Author :
Choudhari, Rahul ; Choudhari, R.D. ; Choudhari, Ajay
Abstract :
Notice of Violation of IEEE Publication Principles
"Increasing Search Engine Efficiency using Cooperative Web"
by Rahul Choudhari, Ajay Choudhari, R. D. Choudhari
in the Proceedings of the 2008 International Conference on Computer Science and Software Engineering (CSSE 2008), Wuhan, China, December 12, 2008
After careful and considered review of the content and authorship of this paper by a duly constituted expert committee, this paper has been found to be in violation of IEEE\´s Publication Principles.
This paper contains significant portions of original text from the paper cited below.

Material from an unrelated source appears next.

(* Let $c$ be a natural number and let $X$ be a finite set of natural numbers, all greater than $2$, which is $(\omega^{c+3}+\omega^3+c+4)$-large. Then every colouring $C\colon[X]^2\to\{0,\dots,c-1\}$ has a homogeneous set $H\subseteq X$ (i.e. $C$ is constant on $[H]^2$) with $|H|>\min H$.
   Context: Ordinals are notations below $\varepsilon_0$: formal sums $\omega^{\alpha_0}+\dots+\omega^{\alpha_n}$ with non-increasing exponents, ordered lexicographically. $+$ is ordinal addition, $k=1+\dots+1$ with $1=\omega^0$, and $\omega=\omega^1$. Fundamental sequences, for $\alpha=\omega^{\alpha_0}+\dots+\omega^{\alpha_n}$ and $x\in\mathbb{N}$: $0[x]=0$. If $\alpha_n=0$ then $\alpha[x]=\omega^{\alpha_0}+\dots+\omega^{\alpha_{n-1}}$. If $\alpha_n=\beta+1$ then $\alpha[x]=\omega^{\alpha_0}+\dots+\omega^{\alpha_{n-1}}+\omega^\beta\cdot x$ ($x$ copies of $\omega^\beta$). If $\alpha_n$ is a nonzero non-successor then $\alpha[x]=\omega^{\alpha_0}+\dots+\omega^{\alpha_{n-1}}+\omega^{\alpha_n[x]}$. A finite set $X=\{x_0<\dots<x_{|X|-1}\}$ is $\alpha$-large if $\alpha[x_0]\cdots[x_{|X|-1}]=0$. $[X]^2$ is the set of 2-element subsets of $X$. *)

From mathcomp Require Import all_boot.
Set Implicit Arguments. Unset Strict Implicit. Unset Printing Implicit Defensive.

The original text was copied without attribution (including appropriate references to the original author(s) and/or paper title) and without permission.

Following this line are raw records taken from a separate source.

(* If a queuing regime $R=(\mathcal{X},\alpha,\xi,(\rho_i)_i,\pi)$ is universally optimal, then there exists a non-idle state $x$ at which preemption occurs, i.e., $\pi(x)=1$.
   Context: Model: an M/M/1 queue with a single server; customers arrive according to a Poisson process with rate $\lambda>0$ and are served at exponential rate $\mu>0$. Each customer incurs cost at rate $c>0$ while in the system and receives reward $r>0$ upon service completion; a customer who reneges gets no reward. Queuing regime: a tuple $(\mathcal{X},\alpha,\xi,(\rho_i)_i,\pi)$ where $\mathcal{X}=\mathcal{X}_0\uplus\mathcal{X}_1\uplus\cdots$ is a set of states partitioned by the number of customers in the system ($\mathcal{X}_0$ is a singleton, the idle state), and $n(x)=n$ for $x\in\mathcal{X}_n$. Customers present are ranked in a queue: position $1$ is being served (work-conserving) and position $n$ is last. If at state $x\in\mathcal{X}_n$ a customer arrives, the arriving customer is placed at position $\pi(x)\in\{1,\dots,n+1\}$ and the state becomes $\alpha(x)\in\mathcal{X}_{n+1}$. If at $x\in\mathcal{X}_n$, $n\ge1$, service is completed, the state becomes $\xi(x)\in\mathcal{X}_{n-1}$. If at $x\in\mathcal{X}_n$ the customer at position $i$ reneges, the state becomes $\rho_i(x)\in\mathcal{X}_{n-1}$. Events do not change the relative order of remaining customers, and $\rho_i(\rho_j(x))=\rho_{j-1}(\rho_i(x))$ for $i<j$, so simultaneous reneging of a set of positions is well defined. Strategies and equilibrium: a Markov strategy profile is a function $\sigma$ on non-idle states with $\sigma(x)\subseteq\{1,\dots,n(x)\}$, the positions of customers who renege simultaneously when the system reaches $x$. It is a Markov perfect equilibrium if for every state $x$ it is a Nash equilibrium of the game starting at $x$ in which each customer decides whether to stay or renege. Social optimum: the designer maximizes long-run average welfare (reward $r$ per service minus cost $c$ per unit time per customer present); the optimal policy keeps at most $n^*(\lambda,\mu,c,r)$ customers. A profile $\sigma$ induces the socially optimal behavior if $|\sigma(x)|=\max(n(x)-n^*,0)$ for all non-idle $x$. A regime is universally optimal if for every parameters $(\lambda,\mu,c,r)$ the game admits a Markov perfect equilibrium inducing the socially optimal behavior. *)

From mathcomp Require Import all_boot all_order all_algebra.
From mathcomp Require Import classical_sets reals constructive_ereal ereal.
Set Implicit Arguments.
Unset Strict Implicit.
Unset Printing Implicit Defensive.
Import Order.TTheory GRing.Theory Num.Theory.
Local Open Scope ring_scope.

(* nst x = n(x) is the number of customers in state x, i.e. x \in     *)
(* X_{nst x}.  Positions are the naturals 1..nst x (1 = in service).   *)
(* The maps are total on X; their values are only constrained where   *)
(* the paper defines them.                                            *)
Record regime (X : Type) := Regime {
  nst   : X -> nat;
  idle  : X;
  alpha : X -> X;             (* arrival *)
  xi    : X -> X;             (* service completion *)
  rho   : nat -> X -> X;      (* rho i : reneging of position i *)
  pi_pos : X -> nat;           (* position of an arriving customer *)
  idle_n0   : nst idle = 0%N;
  idle_uniq : forall x, nst x = 0%N -> x = idle;
  alpha_n   : forall x, nst (alpha x) = (nst x).+1;
  xi_n      : forall x, (0 < nst x)%N -> nst (xi x) = (nst x).-1;
  rho_n     : forall x i, (1 <= i <= nst x)%N -> nst (rho i x) = (nst x).-1;
  pi_range  : forall x, (1 <= pi_pos x <= (nst x).+1)%N;
  rho_comm  : forall x i j, (1 <= i)%N -> (i < j)%N -> (j <= nst x)%N ->
                rho i (rho j x) = rho j.-1 (rho i x)
}.

Section Game.
Variables (R : realType) (X : Type) (Q : regime X).

(* A (Markov) strategy profile: sigma x j = "the customer at position j
   reneges when the system reaches x".                                 *)
Definition profile := X -> nat -> bool.

Definition valid_profile (sigma : profile) : Prop :=
  forall x j, sigma x j -> (1 <= j <= nst Q x)%N.

(* simultaneous reneging of the set S of positions (largest first) *)
Definition rho_set (S : nat -> bool) (x : X) : X :=
  foldr (fun j y => if S j then rho Q j y else y) x (iota 1 (nst Q x)).

Definition nonempty_at (S : nat -> bool) (x : X) : bool :=
  has S (iota 1 (nst Q x)).

(* new position of the customer at position p after the positions in S
   (other than p) have reneged *)
Definition pos_after (S : nat -> bool) (p : nat) : nat :=
  (p - count S (iota 1 p.-1))%N.

Definition pos_arrival (x : X) (p : nat) : nat :=
  if (pi_pos Q x <= p)%N then p.+1 else p.

Variables (lam mu : R).

(* Embedded jump chain of a tagged customer when everybody follows sigma.
   Nodes: (true, x, p)  = the system has just reached x, the tagged
                          customer is at position p, reneging sigma x
                          is about to take place;
          (false, x, p) = the system sojourns in x (no reneging), the
                          tagged customer is at position p; the sojourn
                          lasts Exp(lam+mu) and ends with an arrival
                          (prob. lam/(lam+mu)) or a service completion.
   horizon k b x p = (probability that the tagged customer is served
   within k steps, expected number of sojourns within k steps).       *)
Fixpoint horizon (sigma : profile) (k : nat) (b : bool) (x : X) (p : nat)
    : R * R :=
  match k with
  | 0%N => (0, 0)
  | k'.+1 =>
    if b then
      if sigma x p then (0, 0)
      else if nonempty_at (sigma x) x then
        horizon sigma k' true (rho_set (sigma x) x) (pos_after (sigma x) p)
      else horizon sigma k' false x p
    else
      let a := lam / (lam + mu) in
      let s := mu / (lam + mu) in
      let A := horizon sigma k' true (alpha Q x) (pos_arrival x p) in
      let B := if p == 1%N then (1, 0)
               else horizon sigma k' true (xi Q x) p.-1 in
      (a * A.1 + s * B.1, 1 + a * A.2 + s * B.2)
  end.

Local Open Scope ereal_scope.

Definition prob_served (sigma : profile) b x p : \bar R :=
  ereal_sup [set ((horizon sigma k b x p).1)%:E | k in [set: nat]].
Definition exp_sojourns (sigma : profile) b x p : \bar R :=
  ereal_sup [set ((horizon sigma k b x p).2)%:E | k in [set: nat]].

(* expected utility of the tagged customer: r * P(served) - c * E[time in
   system], where each sojourn lasts 1/(lam+mu) in expectation *)
Definition value (c r : R) (sigma : profile) b x p : \bar R :=
  r%:E * prob_served sigma b x p
  - (c / (lam + mu))%:E * exp_sojourns sigma b x p.

(* The game starting at the non-idle state x: the customer at position i
   stays or reneges, the others play sigma x, and sigma is followed
   afterwards.  Reneging yields 0. *)
Definition stay_value (c r : R) (sigma : profile) (x : X) (i : nat) : \bar R :=
  let S := fun j => sigma x j && (j != i) in
  if nonempty_at S x then value c r sigma true (rho_set S x) (pos_after S i)
  else value c r sigma false x i.

Definition nash_at (c r : R) (sigma : profile) (x : X) : Prop :=
  forall i, (1 <= i <= nst Q x)%N ->
    (sigma x i -> stay_value c r sigma x i <= 0) /\
    (~~ sigma x i -> 0 <= stay_value c r sigma x i).

Definition MPE (c r : R) (sigma : profile) : Prop :=
  valid_profile sigma /\ forall x, (0 < nst Q x)%N -> nash_at c r sigma x.

End Game.

(* Social optimum: long-run average welfare of the M/M/1 queue that    *)
(* keeps at most n customers:  r * mu * P(N >= 1) - c * E[N], with     *)
(* stationary distribution P(N = k) proportional to (lam/mu)^k,        *)
(* k = 0..n.                                                           *)
Definition welfare (R : realType) (lam mu c r : R) (n : nat) : R :=
  let q := lam / mu in
  (r * mu * (\sum_(1 <= k < n.+1) q ^+ k)
   - c * (\sum_(0 <= k < n.+1) k%:R * q ^+ k))
  / (\sum_(0 <= k < n.+1) q ^+ k).

Definition is_nstar (R : realType) (lam mu c r : R) (N : nat) : Prop :=
  (forall m, welfare lam mu c r m <= welfare lam mu c r N) /\
  (forall m, (forall m', welfare lam mu c r m' <= welfare lam mu c r m) ->
     (m <= N)%N).

Definition induces_social_opt (X : Type) (Q : regime X) (sigma : profile X)
    (N : nat) : Prop :=
  forall x, (0 < nst Q x)%N ->
    count (sigma x) (iota 1 (nst Q x)) = (nst Q x - N)%N.

Definition universally_optimal (R : realType) (X : Type) (Q : regime X)
    : Prop :=
  forall lam mu c r : R, 0 < lam -> 0 < mu -> 0 < c -> 0 < r ->
  forall N, is_nstar lam mu c r N ->
  exists sigma : profile X,
    MPE Q lam mu c r sigma /\ induces_social_opt Q sigma N.

From mathcomp Require Import all_boot all_order all_algebra.
From mathcomp Require Import classical_sets reals constructive_ereal ereal.
From mathcomp Require Import ring lra zify.
Set Implicit Arguments.
Unset Strict Implicit.
Unset Printing Implicit Defensive.
Import Order.TTheory GRing.Theory Num.Theory.
Local Open Scope ring_scope.
Local Open Scope classical_set_scope.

"Towards a Content-Provider-Friendly Web Page Crawler"
by Jie Xu, Qinglan Li, Huiming Qu, Alexandros Labrinidis,
in Proceedings of the 10th International Workshop on Web and Databases (WebDB 2007), Beijing, China, June 15, 2007
The performance of the search engine is mainly dependent on freshness of search enginepsilas index which maintains web content in the repository. The other is quality of the ranking algorithm or matching algorithm. The earlier factor is never ending quest because the content of the Web keep up changing after a particular time. Web crawler crawl Web pages and refreshes the index for search engine. To keep the freshness of the result by the search engine, crawling of the Web page should be fundamentally linked with the frequency updates of the Web pages. But the size of Web today and the inherent resource constraints: re-crawling too frequently leads to wasted bandwidth and re-crawling infrequently leads to the poor performance of the search engine. In this paper, we address the scheduling problem and a solution for the Web crawlers, with the objective of the optimizing the resources like freshness of repository and the quality of the index. Towards this we divi- ded the Web content providers into two parts: 1) active; 2) inactive. For inactive content providers we use agents who continuously crawls the content providers and collect the update pattern of the content providers. We also propose a scheduling scheme which capitalizes on the information given by the agents. Extensive experiments with real web traces demonstrate that it plays major role in improving the content quality of the index.